# [Exercise aim]
Search the data below for lines that include the word "Hypotheses" and state how many there are, nothing else.

(Data excerpts)
(* Let $(\mathcal{P},\cdot)$ be a finite-dimensional simple admissible Poisson algebra which is not a nilalgebra. Then $\mathcal{P}$ has a unit element $1$ (with $1\cdot x=x\cdot 1=x$ for all $x$).
   Context: $\mathbb{K}$ is a field of characteristic different from $2$ and $3$. Associator: $A(X,Y,Z)=(X\cdot Y)\cdot Z-X\cdot(Y\cdot Z)$. An admissible Poisson algebra is a $\mathbb{K}$-vector space $\mathcal{P}$ with a bilinear product $\cdot$ satisfying $3A(X,Y,Z)=(X\cdot Z)\cdot Y+(Y\cdot Z)\cdot X-(Y\cdot X)\cdot Z-(Z\cdot X)\cdot Y$ for all $X,Y,Z$. $\mathcal{P}$ is simple if it has no two-sided ideals other than $\{0\}$ and $\mathcal{P}$, and $\mathcal{P}\cdot\mathcal{P}\neq\{0\}$. Powers: $X^1=X$, $X^{i+1}=X\cdot X^i$; $\mathcal{P}$ is a nilalgebra if every $X$ satisfies $X^r=0$ for some $r$. *)

From HB Require Import structures.
From mathcomp Require Import all_boot all_order all_algebra.
Set Implicit Arguments. Unset Strict Implicit. Unset Printing Implicit Defensive.
Import GRing.Theory.
Local Open Scope ring_scope.

Section AdmPoisson.
Variables (K : fieldType) (V : vectType K) (mul : V -> V -> V).

Definition bilinear_prod : Prop :=
  (forall (a : K) (x y z : V), mul (a *: x + y) z = a *: mul x z + mul y z) /\
  (forall (a : K) (x y z : V), mul z (a *: x + y) = a *: mul z x + mul z y).

Definition assoc (x y z : V) : V := mul (mul x y) z - mul x (mul y z).

Definition admissible_poisson : Prop :=
  forall x y z : V,
    3%:R *: assoc x y z =
      mul (mul x z) y + mul (mul y z) x - mul (mul y x) z - mul (mul z x) y.

Definition two_sided_ideal (I : {vspace V}) : Prop :=
  forall x y : V, x \in I -> mul x y \in I /\ mul y x \in I.

Definition simple_alg : Prop :=
  (forall I : {vspace V}, two_sided_ideal I -> I = 0%VS \/ I = fullv) /\
  (exists x y : V, mul x y != 0).

(* ppow x n = X^(n+1), with X^1 = X and X^(i+1) = X . X^i *)
Fixpoint ppow (x : V) (n : nat) : V :=
  match n with
  | O => x
  | S n' => mul x (ppow x n')
  end.

Definition nilalgebra : Prop := forall x : V, exists n : nat, ppow x n = 0.

Definition is_unit_element (e : V) : Prop :=
  forall x : V, mul e x = x /\ mul x e = x.

End AdmPoisson.

(* The symmetrised product x o y = (xy + yx)/2 of an admissible Poisson algebra
   is commutative and associative, the bracket {x, y} = (xy - yx)/2 is a
   derivation of it, and the powers of x for the two products coincide.  In the
   finite-dimensional associative algebra (P, o), a non-nilpotent x satisfies a
   relation x^(k+1) (1 - x u(x)) = 0 with u a polynomial, and
   e = (x u(x))^(k+1) is then a nonzero idempotent.  Since {y, e} = {y, e o e}
   = 2 e o {y, e}, the bracket with e vanishes; hence e o P is a nonzero
   two-sided ideal for the original product, so e o P = P by simplicity, and e
   acts as the identity on e o P. *)

From HB Require Import structures.
From mathcomp Require Import all_boot all_order all_algebra.
From mathcomp Require Import ring.
From Stdlib Require Import Classical.
Set Implicit Arguments. Unset Strict Implicit. Unset Printing Implicit Defensive.
Import GRing.Theory.
Local Open Scope ring_scope.

Section BilinearProduct.
Variables (K : fieldType) (V : vectType K) (mul : V -> V -> V).
Hypothesis mul_bilinear : bilinear_prod mul.

Lemma mulDl x y z : mul (x + y) z = mul x z + mul y z.
Proof. by have := (proj1 mul_bilinear) 1 x y z; rewrite !scale1r. Qed.

Lemma mulDr x y z : mul z (x + y) = mul z x + mul z y.
Proof. by have := (proj2 mul_bilinear) 1 x y z; rewrite !scale1r. Qed.

Lemma mul0l z : mul 0 z = 0.
Proof. by apply: (@addIr _ (mul 0 z)); rewrite -mulDl !add0r. Qed.

Lemma mul0r z : mul z 0 = 0.
Proof. by apply: (@addIr _ (mul z 0)); rewrite -mulDr !add0r. Qed.

Lemma mulZl a x z : mul (a *: x) z = a *: mul x z.
Proof. by have := (proj1 mul_bilinear) a x 0 z; rewrite !addr0 mul0l addr0. Qed.

Lemma mulZr a x z : mul z (a *: x) = a *: mul z x.
Proof. by have := (proj2 mul_bilinear) a x 0 z; rewrite !addr0 mul0r addr0. Qed.

Lemma mulNl x z : mul (- x) z = - mul x z.
Proof. by rewrite -scaleN1r mulZl scaleN1r. Qed.

Lemma mulNr x z : mul z (- x) = - mul z x.
Proof. by rewrite -scaleN1r mulZr scaleN1r. Qed.

Lemma mul_suml z I (r : seq I) (P : pred I) (F : I -> V) :
  mul (\sum_(i <- r | P i) F i) z = \sum_(i <- r | P i) mul (F i) z.
Proof. exact: (big_morph (mul^~ z) (fun u v => mulDl u v z) (mul0l z)). Qed.

Lemma mul_sumr z I (r : seq I) (P : pred I) (F : I -> V) :
  mul z (\sum_(i <- r | P i) F i) = \sum_(i <- r | P i) mul z (F i).
Proof. exact: (big_morph (mul z) (fun u v => mulDr u v z) (mul0r z)). Qed.

End BilinearProduct.

Section PowerPolynomials.
Variables (K : fieldType) (V : vectType K) (mul : V -> V -> V).
Hypotheses (mul_bilinear : bilinear_prod mul) (mulA : associative mul).

(* [aeval x p] is x p(x) = sum_i p_i x^(i+1): without a unit element, a
   polynomial in x denotes an element only after multiplication by x. *)
Definition aeval (x : V) (p : {poly K}) : V := \sum_(i < size p) p`_i *: ppow mul x i.

Lemma aeval_widen x n (p : {poly K}) :
  (size p <= n)%N -> aeval x p = \sum_(i < n) p`_i *: ppow mul x i.
Proof.
move=> le_p_n; rewrite /aeval (big_ord_widen n (fun i => p`_i *: ppow mul x i) le_p_n).
rewrite big_mkcond; apply: eq_bigr => i _; case: ltnP => // le_p_i.
by rewrite nth_default // scale0r.
Qed.

Fact aeval_is_linear x : linear (aeval x).
Proof.
move=> a p q; set n := maxn (size p) (size q).
have le_p : (size p <= n)%N by rewrite leq_maxl.
have le_q : (size q <= n)%N by rewrite leq_maxr.
have le_apq : (size (a *: p + q)%R <= n)%N.
  apply: leq_trans (size_polyD _ _) _; rewrite geq_max le_q andbT.
  exact: leq_trans (size_scale_leq _ _) le_p.
rewrite (aeval_widen x le_p) (aeval_widen x le_q) (aeval_widen x le_apq).
rewrite scaler_sumr -big_split; apply: eq_bigr => i _.
by rewrite coefD coefZ scalerDl scalerA.
Qed.

HB.instance Definition _ x := GRing.isSemilinear.Build K {poly K} V _ (aeval x)
  (GRing.semilinear_linear (aeval_is_linear x)).

Lemma aevalXn x k : aeval x 'X^k = ppow mul x k.
Proof.
rewrite (aeval_widen x (eq_leq (size_polyXn _ k))) big_ord_recr /= coefXn eqxx scale1r.
by rewrite big1 ?add0r // => i _; rewrite coefXn (ltn_eqF (ltn_ord i)) scale0r.
Qed.

Lemma aevalXM x p : aeval x ('X * p) = mul x (aeval x p).
Proof.
have le_Xp : (size ('X * p)%R <= (size p).+1)%N.
  by apply: leq_trans (size_polyMleq _ _) _; rewrite size_polyX.
rewrite (aeval_widen x le_Xp) big_ord_recl coefXM eqxx scale0r add0r.
rewrite /aeval (mul_sumr mul_bilinear); apply: eq_bigr => i _.
by rewrite coefXM /= (mulZr mul_bilinear).
Qed.

Lemma mul_ppow_aeval x i q : mul (ppow mul x i) (aeval x q) = aeval x ('X^(i.+1) * q).
Proof.
elim: i => [|i IHi]; first by rewrite expr1 aevalXM.
by rewrite /= -mulA IHi -aevalXM mulrA -exprS.
Qed.

Lemma aevalM x p q : mul (aeval x p) (aeval x q) = aeval x ('X * p * q).
Proof.
rewrite -[p in RHS]coefK poly_def mulr_sumr mulr_suml linear_sum /= (mul_suml mul_bilinear).
apply: eq_bigr => i _; rewrite (mulZl mul_bilinear) mul_ppow_aeval.
by rewrite -scalerAr -scalerAl linearZ exprS.
Qed.

Lemma aevalMr_eq0 x p s : aeval x p = 0 -> aeval x (p * s) = 0.
Proof.
move=> p0; have Xnp0 j : aeval x ('X^j * p) = 0.
  by elim: j => [|j IHj]; rewrite ?expr0 ?mul1r // exprS -mulrA aevalXM IHj mul0r.
rewrite mulrC -[s]coefK poly_def mulr_suml linear_sum big1 // => i _.
by rewrite -scalerAl linearZ /= Xnp0 scaler0.
Qed.

Lemma aeval_kernel_neq0 x : exists2 q : {poly K}, q != 0 & aeval x q = 0.
Proof.
pose n := \dim (@fullv K V); pose T := [tuple ppow mul x i | i < n.+1].
have T_dep : ~ free T.
  by move=> /eqP dimT; have := dimvS (subvf <<T>>%VS); rewrite dimT size_tuple ltnn.
have [k [sumk0 [i ki_neq0]]] :
    exists k : 'I_n.+1 -> K, \sum_(i < n.+1) k i *: T`_i = 0 /\ exists i, k i != 0.
  apply: NNPP => no_rel; apply/T_dep/freeP => k sumk0 i.
  by apply/eqP/negPn/negP => ki; apply: no_rel; exists k; split; last exists i.
exists (\poly_(j < n.+1) k (inord j)).
  apply: contra_neq ki_neq0 => /(congr1 (coefp i)) /=.
  by rewrite coef_poly ltn_ord inord_val coef0.
rewrite (aeval_widen x (size_poly _ _)) -[RHS]sumk0; apply: eq_bigr => j _.
by rewrite coef_poly ltn_ord inord_val nth_mktuple.
Qed.

Lemma aeval_kernel_Xn x : exists k (u : {poly K}), aeval x ('X^k * (1 - 'X * u)) = 0.
Proof.
have [q q_neq0 q0] := aeval_kernel_neq0 x.
have [k [r /implyP/(_ q_neq0) r0_neq0 def_q]] := multiplicity_XsubC q 0.
have [t def_r] : exists t, r = t * 'X + (r.[0])%:P.
  have /factor_theorem[t] : root (r - (r.[0])%:P) 0 by rewrite rootE !hornerE subrr.
  by rewrite polyC0 subr0 => def_t; exists t; rewrite -def_t subrK.
move: r0_neq0; rewrite rootE; set c := r.[0] in def_r * => c_neq0.
have cVc : c^-1%:P * c%:P = 1 :> {poly K} by rewrite -polyCM mulVf.
exists k, (- c^-1 *: t).
suff -> : 'X^k * (1 - 'X * (- c^-1 *: t)) = c^-1 *: q.
  by rewrite linearZ /= q0 scaler0.
rewrite def_q def_r polyC0 subr0 -!mul_polyC.
by rewrite -[X in 'X^k * (X - _)]cVc; ring.
Qed.

Lemma idempotent_of_aeval_kernel x k u :
  aeval x ('X^k * (1 - 'X * u)) = 0 -> ppow mul x k != 0 ->
  exists2 e, mul e e = e & e != 0.
Proof.
move=> ann xk_neq0; set f := 'X * u; set g := 'X^k * u ^+ k.+1.
have ann_pow : aeval x ('X^k * (1 - f ^+ k.+1)) = 0.
  have -> : 'X^k * (1 - f ^+ k.+1) = 'X^k * (1 - f) * \sum_(i < k.+1) f ^+ i.
    by rewrite -[1 - _]opprB subrX1; ring.
  exact: aevalMr_eq0.
have Xg : 'X * g = f ^+ k.+1 by rewrite /g /f exprMn mulrA -exprS.
exists (aeval x g).
  apply/eqP; rewrite aevalM -subr_eq0 -linearB /=.
  have -> : 'X * g * g - g = 'X^k * (1 - f ^+ k.+1) * - u ^+ k.+1.
    by rewrite Xg /g; ring.
  by rewrite aevalMr_eq0.
apply: contra_neq xk_neq0 => g0; rewrite -aevalXn.
have -> : 'X^k = g * 'X^(k.+1) + 'X^k * (1 - f ^+ k.+1) by rewrite /g /f exprMn; ring.
by rewrite linearD /= aevalMr_eq0 // ann_pow addr0.
Qed.

Lemma idempotent_of_not_nilalgebra :
  ~ nilalgebra mul -> exists2 e, mul e e = e & e != 0.
Proof.
move=> not_nil; apply: NNPP => no_idem; apply: not_nil => x.
apply: NNPP => x_nonnil; have [k [u ann]] := aeval_kernel_Xn x.
apply: no_idem; apply: idempotent_of_aeval_kernel ann _.
by apply/eqP => xk0; apply: x_nonnil; exists k.
Qed.

End PowerPolynomials.

Lemma coord_vbasis_inj (K : fieldType) (V : vectType K) (u w : V) :
  (forall i, coord (vbasis fullv) i u = coord (vbasis fullv) i w) -> u = w.
Proof.
move=> eq_uw; rewrite (coord_vbasis (memvf u)) (coord_vbasis (memvf w)).
by apply: eq_bigr => i _; rewrite eq_uw.
Qed.

Section AdmissiblePoisson.
Variables (K : fieldType) (V : vectType K) (mul : V -> V -> V).
Hypotheses (two_neq0 : (2%:R : K) != 0) (three_neq0 : (3%:R : K) != 0).
Hypotheses (mul_bilinear : bilinear_prod mul) (mul_admissible : admissible_poisson mul).

Lemma mul_mulr x y z : mul x (mul y z) =
  3%:R^-1 *: (3%:R *: mul (mul x y) z
    - (mul (mul x z) y + mul (mul y z) x - mul (mul y x) z - mul (mul z x) y)).
Proof.
by rewrite -mul_admissible /assoc scalerBr !scalerA mulVf // !scale1r opprB addrC subrK.
Qed.

Definition symprod x y := 2%:R^-1 *: (mul x y + mul y x).
Definition pbracket x y := 2%:R^-1 *: (mul x y - mul y x).

(* Both sides are linear combinations of left-normed products, so the identity
   is checked coordinatewise as an identity of linear forms over [K]. *)
Local Ltac coord_field :=
  rewrite /symprod /pbracket ?(mulDl mul_bilinear, mulDr mul_bilinear,
    mulNl mul_bilinear, mulNr mul_bilinear, mulZl mul_bilinear, mulZr mul_bilinear)
    ?mul_mulr;
  apply: coord_vbasis_inj => ?; rewrite !linearE /=;
  by field; rewrite ?two_neq0 ?three_neq0.

Lemma mul_symprod_pbracket x y : mul x y = symprod x y + pbracket x y.
Proof. coord_field. Qed.

Lemma symprod_bilinear : bilinear_prod symprod.
Proof. by split=> a x y z; coord_field. Qed.

Lemma symprodC : commutative symprod.
Proof. by move=> x y; rewrite /symprod addrC. Qed.

Lemma symprodA : associative symprod.
Proof. move=> x y z; coord_field. Qed.

Lemma pbracketxx x : pbracket x x = 0.
Proof. by rewrite /pbracket subrr scaler0. Qed.

Lemma pbracketC x y : pbracket x y = - pbracket y x.
Proof. by rewrite /pbracket -scalerN opprB. Qed.

Lemma pbracket_symprodr x y z :
  pbracket x (symprod y z) = symprod (pbracket x y) z + symprod y (pbracket x z).
Proof. coord_field. Qed.

Lemma pbracket_ppow x n : pbracket x (ppow symprod x n) = 0.
Proof.
elim: n => [|n IHn] /=; first exact: pbracketxx.
rewrite pbracket_symprodr pbracketxx IHn.
by rewrite (mul0l symprod_bilinear) (mul0r symprod_bilinear) addr0.
Qed.

Lemma ppow_symprod x n : ppow mul x n = ppow symprod x n.
Proof. by elim: n => //= n ->; rewrite mul_symprod_pbracket pbracket_ppow addr0. Qed.

Lemma symprod_idempotent_of_not_nilalgebra :
  ~ nilalgebra mul -> exists2 e, symprod e e = e & e != 0.
Proof.
move=> not_nil; apply: idempotent_of_not_nilalgebra symprod_bilinear symprodA _.
move=> nil_symprod; apply: not_nil => x.
by have [n xn0] := nil_symprod x; exists n; rewrite ppow_symprod.
Qed.

Fact symprod_is_linear e : linear (symprod e).
Proof. by move=> a u v; rewrite (mulDr symprod_bilinear) (mulZr symprod_bilinear). Qed.

HB.instance Definition _ e := GRing.isSemilinear.Build K V V _ (symprod e)
  (GRing.semilinear_linear (symprod_is_linear e)).

Section Idempotent.
Variable e : V.
Hypothesis ee : symprod e e = e.

Lemma pbracket_idempotent y : pbracket y e = 0.
Proof.
set w := pbracket y e.
have w2 : w = symprod e w + symprod e w by rewrite {1}/w -{1}ee pbracket_symprodr symprodC.
have ew2 : symprod e w = symprod e w + symprod e w.
  by rewrite {1}w2 (mulDr symprod_bilinear) symprodA ee.
have ew0 : symprod e w = 0 by apply: (addrI (symprod e w)); rewrite addr0 -ew2.
by rewrite w2 ew0 addr0.
Qed.

Lemma mul_idempotentl y : mul e y = symprod e y.
Proof. by rewrite mul_symprod_pbracket pbracketC pbracket_idempotent oppr0 addr0. Qed.

Lemma mul_idempotentr y : mul y e = symprod e y.
Proof. by rewrite mul_symprod_pbracket pbracket_idempotent addr0 symprodC. Qed.

Lemma pbracket_symprod_idempotent y u :
  pbracket y (symprod e u) = symprod e (pbracket y u).
Proof. by rewrite pbracket_symprodr pbracket_idempotent (mul0l symprod_bilinear) add0r. Qed.

Lemma mul_symprod_idempotentr y u : mul y (symprod e u) = symprod e (mul y u).
Proof.
rewrite !mul_symprod_pbracket pbracket_symprod_idempotent (mulDr symprod_bilinear).
by rewrite symprodA [symprod y e]symprodC -symprodA.
Qed.

Lemma mul_symprod_idempotentl y u : mul (symprod e u) y = symprod e (mul u y).
Proof.
rewrite !mul_symprod_pbracket pbracketC pbracket_symprod_idempotent -symprodA.
by rewrite (mulDr symprod_bilinear) [pbracket u y]pbracketC (mulNr symprod_bilinear).
Qed.

Lemma symprod_idempotent_ideal : two_sided_ideal mul (limg (linfun (symprod e))).
Proof.
move=> _ y /memv_imgP[u _ ->]; rewrite lfunE /=.
rewrite mul_symprod_idempotentl mul_symprod_idempotentr.
by split; apply/memv_imgP; eexists; rewrite ?memvf ?lfunE.
Qed.

Lemma unit_of_simple_idempotent : e != 0 -> simple_alg mul -> is_unit_element mul e.
Proof.
move=> e_neq0 [simple_ideals _] v.
have [I0 | Ifull] := simple_ideals _ symprod_idempotent_ideal.
  have : e \in limg (linfun (symprod e)) by apply/memv_imgP; exists e; rewrite ?memvf ?lfunE.
  by rewrite I0 memv0 (negPf e_neq0).
have /memv_imgP[u _ ->] : v \in limg (linfun (symprod e)) by rewrite Ifull memvf.
by rewrite lfunE /= mul_idempotentl mul_idempotentr symprodA ee.
Qed.

End Idempotent.

End AdmissiblePoisson.

Theorem mainTheorem11 (K : fieldType) (V : vectType K) (mul : V -> V -> V) :
  (2%:R : K) != 0 -> (3%:R : K) != 0 ->
  bilinear_prod mul -> admissible_poisson mul ->
  simple_alg mul -> ~ nilalgebra mul ->
  exists e : V, is_unit_element mul e.
Proof.
move=> two_neq0 three_neq0 mul_bilinear mul_admissible simple not_nil.
have [e ee e_neq0] := symprod_idempotent_of_not_nilalgebra
  two_neq0 three_neq0 mul_bilinear mul_admissible not_nil.
exists e; exact: unit_of_simple_idempotent
  two_neq0 three_neq0 mul_bilinear mul_admissible e ee e_neq0 simple.
Qed.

# [Task result]
3